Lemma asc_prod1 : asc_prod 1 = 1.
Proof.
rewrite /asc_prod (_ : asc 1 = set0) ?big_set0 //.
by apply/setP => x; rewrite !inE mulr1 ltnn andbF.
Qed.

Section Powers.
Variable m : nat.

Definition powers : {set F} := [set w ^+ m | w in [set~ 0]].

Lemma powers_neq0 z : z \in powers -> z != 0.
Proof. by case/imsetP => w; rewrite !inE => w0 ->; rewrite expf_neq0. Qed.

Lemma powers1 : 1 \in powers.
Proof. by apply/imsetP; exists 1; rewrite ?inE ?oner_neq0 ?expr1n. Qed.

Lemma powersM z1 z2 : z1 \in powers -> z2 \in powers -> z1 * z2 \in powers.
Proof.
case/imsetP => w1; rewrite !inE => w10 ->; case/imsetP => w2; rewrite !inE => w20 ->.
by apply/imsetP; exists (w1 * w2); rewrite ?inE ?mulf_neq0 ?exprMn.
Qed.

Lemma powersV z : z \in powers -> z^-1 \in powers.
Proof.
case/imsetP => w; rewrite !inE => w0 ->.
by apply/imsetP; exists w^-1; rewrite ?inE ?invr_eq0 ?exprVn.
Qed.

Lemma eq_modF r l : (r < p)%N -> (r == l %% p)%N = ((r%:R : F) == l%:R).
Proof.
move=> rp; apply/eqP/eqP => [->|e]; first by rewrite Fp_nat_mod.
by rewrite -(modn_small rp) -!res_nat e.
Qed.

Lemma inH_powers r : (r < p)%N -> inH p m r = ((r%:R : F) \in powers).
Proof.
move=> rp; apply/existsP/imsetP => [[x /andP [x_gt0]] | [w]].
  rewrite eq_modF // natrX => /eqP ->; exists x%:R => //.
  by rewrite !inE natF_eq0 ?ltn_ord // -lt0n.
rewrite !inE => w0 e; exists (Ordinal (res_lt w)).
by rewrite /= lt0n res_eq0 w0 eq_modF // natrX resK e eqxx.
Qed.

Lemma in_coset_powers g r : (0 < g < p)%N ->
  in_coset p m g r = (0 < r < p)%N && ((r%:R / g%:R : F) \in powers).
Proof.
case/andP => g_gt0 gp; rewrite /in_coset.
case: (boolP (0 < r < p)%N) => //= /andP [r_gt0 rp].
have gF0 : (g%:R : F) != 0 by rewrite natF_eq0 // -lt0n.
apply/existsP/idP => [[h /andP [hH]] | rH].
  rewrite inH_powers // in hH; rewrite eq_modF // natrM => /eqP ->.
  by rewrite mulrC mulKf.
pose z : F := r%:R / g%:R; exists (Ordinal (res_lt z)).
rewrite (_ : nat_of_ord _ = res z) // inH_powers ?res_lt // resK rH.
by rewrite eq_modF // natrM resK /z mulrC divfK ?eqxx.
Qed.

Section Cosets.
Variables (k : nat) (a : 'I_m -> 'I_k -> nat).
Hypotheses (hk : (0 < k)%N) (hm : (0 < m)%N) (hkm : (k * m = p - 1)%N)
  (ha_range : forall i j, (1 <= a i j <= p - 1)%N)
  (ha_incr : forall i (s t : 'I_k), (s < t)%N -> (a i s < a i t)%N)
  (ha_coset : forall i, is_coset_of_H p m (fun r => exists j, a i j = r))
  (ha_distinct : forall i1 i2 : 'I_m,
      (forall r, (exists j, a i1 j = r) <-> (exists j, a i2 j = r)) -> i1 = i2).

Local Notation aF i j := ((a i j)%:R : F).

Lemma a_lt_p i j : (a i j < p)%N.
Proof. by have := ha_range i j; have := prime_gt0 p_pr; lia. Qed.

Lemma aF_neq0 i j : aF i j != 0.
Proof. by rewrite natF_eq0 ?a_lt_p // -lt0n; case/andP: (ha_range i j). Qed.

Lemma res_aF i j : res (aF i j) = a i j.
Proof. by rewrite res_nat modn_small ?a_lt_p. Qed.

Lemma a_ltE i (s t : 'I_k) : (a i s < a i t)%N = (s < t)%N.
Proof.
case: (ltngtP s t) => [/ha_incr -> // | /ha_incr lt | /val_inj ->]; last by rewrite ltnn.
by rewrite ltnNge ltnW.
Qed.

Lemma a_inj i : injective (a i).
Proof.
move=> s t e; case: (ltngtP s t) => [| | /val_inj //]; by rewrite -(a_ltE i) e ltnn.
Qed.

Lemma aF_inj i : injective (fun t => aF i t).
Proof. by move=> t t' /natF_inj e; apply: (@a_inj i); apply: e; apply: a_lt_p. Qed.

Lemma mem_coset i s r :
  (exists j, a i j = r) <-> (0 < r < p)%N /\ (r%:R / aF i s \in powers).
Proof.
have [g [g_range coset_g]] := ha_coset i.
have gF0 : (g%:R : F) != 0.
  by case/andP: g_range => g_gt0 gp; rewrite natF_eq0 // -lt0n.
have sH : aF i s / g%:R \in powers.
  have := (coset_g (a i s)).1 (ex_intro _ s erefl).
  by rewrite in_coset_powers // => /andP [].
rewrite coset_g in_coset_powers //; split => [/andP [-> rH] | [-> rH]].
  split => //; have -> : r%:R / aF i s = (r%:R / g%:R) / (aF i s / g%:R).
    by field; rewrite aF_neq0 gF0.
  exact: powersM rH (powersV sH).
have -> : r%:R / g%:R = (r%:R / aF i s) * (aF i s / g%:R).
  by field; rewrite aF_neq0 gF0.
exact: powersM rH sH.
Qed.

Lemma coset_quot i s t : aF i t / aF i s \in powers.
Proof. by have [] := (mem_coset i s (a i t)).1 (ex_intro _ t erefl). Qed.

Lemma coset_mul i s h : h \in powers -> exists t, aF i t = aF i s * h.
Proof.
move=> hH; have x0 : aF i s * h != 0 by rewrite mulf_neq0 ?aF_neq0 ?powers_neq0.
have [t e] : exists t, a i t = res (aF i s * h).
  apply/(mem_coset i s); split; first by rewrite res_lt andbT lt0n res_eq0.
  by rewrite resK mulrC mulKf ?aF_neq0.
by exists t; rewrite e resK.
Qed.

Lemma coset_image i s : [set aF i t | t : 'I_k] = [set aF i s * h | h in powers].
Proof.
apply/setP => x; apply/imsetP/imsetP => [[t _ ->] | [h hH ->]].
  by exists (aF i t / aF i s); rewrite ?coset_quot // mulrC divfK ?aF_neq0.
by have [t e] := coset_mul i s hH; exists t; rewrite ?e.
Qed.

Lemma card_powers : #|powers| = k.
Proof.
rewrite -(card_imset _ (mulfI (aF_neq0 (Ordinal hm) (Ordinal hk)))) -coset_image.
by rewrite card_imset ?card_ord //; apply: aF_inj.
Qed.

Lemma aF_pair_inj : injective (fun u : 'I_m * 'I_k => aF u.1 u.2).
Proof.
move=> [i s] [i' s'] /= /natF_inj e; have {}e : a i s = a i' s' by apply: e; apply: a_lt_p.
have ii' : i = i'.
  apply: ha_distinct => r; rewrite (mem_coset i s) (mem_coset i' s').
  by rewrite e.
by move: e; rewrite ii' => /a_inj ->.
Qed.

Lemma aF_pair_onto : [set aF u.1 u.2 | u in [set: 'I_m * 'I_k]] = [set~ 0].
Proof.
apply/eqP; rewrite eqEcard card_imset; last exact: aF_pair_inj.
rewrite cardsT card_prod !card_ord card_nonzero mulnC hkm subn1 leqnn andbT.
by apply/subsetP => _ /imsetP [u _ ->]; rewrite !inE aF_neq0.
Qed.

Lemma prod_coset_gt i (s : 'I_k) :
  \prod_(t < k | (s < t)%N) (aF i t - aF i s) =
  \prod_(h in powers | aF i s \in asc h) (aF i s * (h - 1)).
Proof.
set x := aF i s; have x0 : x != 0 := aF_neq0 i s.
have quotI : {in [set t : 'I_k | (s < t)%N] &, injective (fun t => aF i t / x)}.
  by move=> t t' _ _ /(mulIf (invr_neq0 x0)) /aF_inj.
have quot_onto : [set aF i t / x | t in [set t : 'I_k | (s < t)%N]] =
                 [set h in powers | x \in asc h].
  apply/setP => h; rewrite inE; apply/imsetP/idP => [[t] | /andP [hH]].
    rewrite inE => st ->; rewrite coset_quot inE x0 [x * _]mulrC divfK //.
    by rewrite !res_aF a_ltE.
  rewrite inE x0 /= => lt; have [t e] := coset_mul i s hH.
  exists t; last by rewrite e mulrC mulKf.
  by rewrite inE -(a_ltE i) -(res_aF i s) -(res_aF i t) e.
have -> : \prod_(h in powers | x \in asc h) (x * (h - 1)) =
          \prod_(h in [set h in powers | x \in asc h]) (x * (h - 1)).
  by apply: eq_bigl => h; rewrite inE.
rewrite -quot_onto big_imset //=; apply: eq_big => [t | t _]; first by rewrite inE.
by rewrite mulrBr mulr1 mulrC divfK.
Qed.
...
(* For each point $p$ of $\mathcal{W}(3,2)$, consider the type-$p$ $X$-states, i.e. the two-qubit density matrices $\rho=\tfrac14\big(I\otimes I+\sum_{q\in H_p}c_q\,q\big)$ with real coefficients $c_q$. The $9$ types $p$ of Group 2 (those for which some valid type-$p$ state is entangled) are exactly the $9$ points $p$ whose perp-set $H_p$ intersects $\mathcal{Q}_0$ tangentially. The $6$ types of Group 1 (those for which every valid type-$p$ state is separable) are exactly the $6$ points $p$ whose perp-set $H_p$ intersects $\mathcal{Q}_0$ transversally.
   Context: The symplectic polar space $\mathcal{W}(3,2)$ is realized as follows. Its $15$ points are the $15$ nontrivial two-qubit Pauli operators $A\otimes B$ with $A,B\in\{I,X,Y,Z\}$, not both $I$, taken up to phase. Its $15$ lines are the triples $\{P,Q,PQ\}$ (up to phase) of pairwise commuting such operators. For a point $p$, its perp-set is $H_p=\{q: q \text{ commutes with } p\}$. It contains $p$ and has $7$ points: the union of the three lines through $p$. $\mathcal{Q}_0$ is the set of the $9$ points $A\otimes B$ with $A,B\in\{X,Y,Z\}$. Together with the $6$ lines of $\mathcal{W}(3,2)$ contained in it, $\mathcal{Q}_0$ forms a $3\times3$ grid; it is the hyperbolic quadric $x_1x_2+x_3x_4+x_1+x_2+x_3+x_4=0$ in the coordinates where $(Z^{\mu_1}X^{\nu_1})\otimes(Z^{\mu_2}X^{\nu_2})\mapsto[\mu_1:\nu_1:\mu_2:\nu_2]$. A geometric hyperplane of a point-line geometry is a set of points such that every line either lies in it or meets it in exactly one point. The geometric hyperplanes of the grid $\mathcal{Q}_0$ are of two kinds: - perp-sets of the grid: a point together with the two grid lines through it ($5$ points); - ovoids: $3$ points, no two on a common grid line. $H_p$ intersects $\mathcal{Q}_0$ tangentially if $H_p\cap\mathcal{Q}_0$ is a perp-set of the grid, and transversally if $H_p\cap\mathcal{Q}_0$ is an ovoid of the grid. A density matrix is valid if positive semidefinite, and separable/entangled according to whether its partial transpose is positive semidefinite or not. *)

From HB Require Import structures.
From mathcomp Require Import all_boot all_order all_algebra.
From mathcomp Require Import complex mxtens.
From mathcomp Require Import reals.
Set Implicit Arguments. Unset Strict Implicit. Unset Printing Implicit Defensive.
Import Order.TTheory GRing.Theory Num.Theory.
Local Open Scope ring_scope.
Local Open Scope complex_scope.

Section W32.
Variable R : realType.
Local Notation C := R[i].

▶ _How to complete this task_
Please return every line in the data that includes the string "Require".

▶ _Finished exercise_
From HB Require Import structures.
From mathcomp Require Import all_boot all_order all_algebra.
From mathcomp Require Import complex mxtens.
From mathcomp Require Import reals.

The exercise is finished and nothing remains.